For RGB array output (e.g. SB3's `VecVideoRecorder`):

```python
env = TradingEnv(..., render_mode='rgb_array')
frame = env.render()  # → ndarray of shape (h, w, 3)
```

> Heads up: rendering is slow. For training, leave it off
> (`render_mode='human'` is the default but you don't have to *call*
> `render()`) and only render during evaluation.

## Common pitfalls

- **Sparse reward**: the default reward only fires on bars where a
  trade closes. Long episodes with no closures train poorly.

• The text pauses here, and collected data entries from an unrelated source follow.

(* Processing the bits from the least significant end, the equation
   (x + α) ⊕ (y + β) = (x ⊕ y) + γ is checked by an automaton whose state is the triple
   of carries of x + α, y + β and (x ⊕ y) + γ, and A_ω is a quarter of its matrix of
   transition counts on the bit triple ω.  Hence entry t of A_{ω_0} ⋯ A_{ω_{n-1}} e_0^T
   is 4^-n times the number of solutions (x, y) ending in carry state t: adp is the sum
   of these entries and cadp_c collects the states whose last carry is c.
   Group the states by the carry c of x + α and the parity p of the two other carries.
   Reading one more bit triple (a, b, g), the mass of group (c, p) becomes at most
   [c = a] times the mass of group (a, b ⊕ g) plus a quarter of the mass of group
   (¬a, ¬(b ⊕ g)), so every mass, hence adp(α, β → γ), is bounded by a quantity that
   depends on α alone.  For β = α and γ = 0 the last carry is always 0, and on such
   states these inequalities are reversed, so the bound is attained by
   adp(α, α → 0) = cadp_0(α, α, 0). *)

Lemma Nat_powE m k : Nat.pow m k = m ^ k.
Proof. by elim: k => //= k IHk; rewrite expnS IHk. Qed.

Lemma toNatE n (x : bv n) : toNat x = \sum_(i < n) tnth x i * 2 ^ (n.-1 - i).
Proof. by apply: eq_bigr => i _; rewrite Nat_powE. Qed.

Lemma toNat_cons n x0 (x : bv n) : toNat [tuple of x0 :: x] = x0 * 2 ^ n + toNat x.
Proof.
rewrite !toNatE big_ord_recl tnth0 subn0; congr (_ + _).
apply: eq_bigr => i _; rewrite tnthS; congr (_ * 2 ^ _).
by case: n x i => [|n] x [i lt_in] //=; rewrite /bump /=; lia.
Qed.

Lemma toNat_lt n (x : bv n) : toNat x < 2 ^ n.
Proof.
elim: n x => [|n IHn] x; first by rewrite toNatE big_ord0.
case/tupleP: x => x0 x; rewrite toNat_cons expnS.
by have := IHn x; case: x0 => /=; lia.
Qed.

Lemma toNat_zerov n : toNat (zerov n) = 0.
Proof. by rewrite toNatE big1 // => i _; rewrite tnth_mktuple. Qed.

Lemma ofNat_cons n k : ofNat n.+1 k = [tuple of odd (k %/ 2 ^ n) :: ofNat n k].
Proof.
apply: eq_from_tnth => i; rewrite /ofNat tnth_mktuple Nat_powE.
case: (unliftP ord0 i) => [j ->|->]; last by rewrite tnth0 subn0.
rewrite tnthS tnth_mktuple Nat_powE; congr (odd (k %/ 2 ^ _)).
by case: j => j lt_jn; rewrite /= /bump /=; lia.
Qed.

Lemma ofNatMDl n m k : ofNat n (m * 2 ^ n + k) = ofNat n k.
Proof.
apply: eq_from_tnth => i; rewrite !tnth_mktuple Nat_powE.
have -> : 2 ^ n = 2 ^ (n.-1 - i) * 2 ^ (n - (n.-1 - i)).
  by rewrite -expnD; congr (2 ^ _); case: i => i /=; lia.
rewrite mulnA mulnAC divnMDl ?expn_gt0 // oddD oddM oddX /=.
have -> : (n - (n.-1 - i) == 0) = false by case: i => i /=; lia.
by rewrite andbF.
Qed.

Either
  use an equity-based reward (see
  [Customizing Trading Environment](customize_environment.md)) or shorten
  episodes so end-of-episode auto-closure provides regular signal.
- **Indicators with NaN at start**: any column you add to `data` is
  observed as-is. NaN in the observation crashes most policies. Drop
  the warmup rows with `data.dropna(inplace=True)` after computing
  indicators.
- **Action / observation drift**: if you change schemes mid-experiment
  and load an old model, you'll get shape mismatches. Save model and
  scheme together when you're going to load.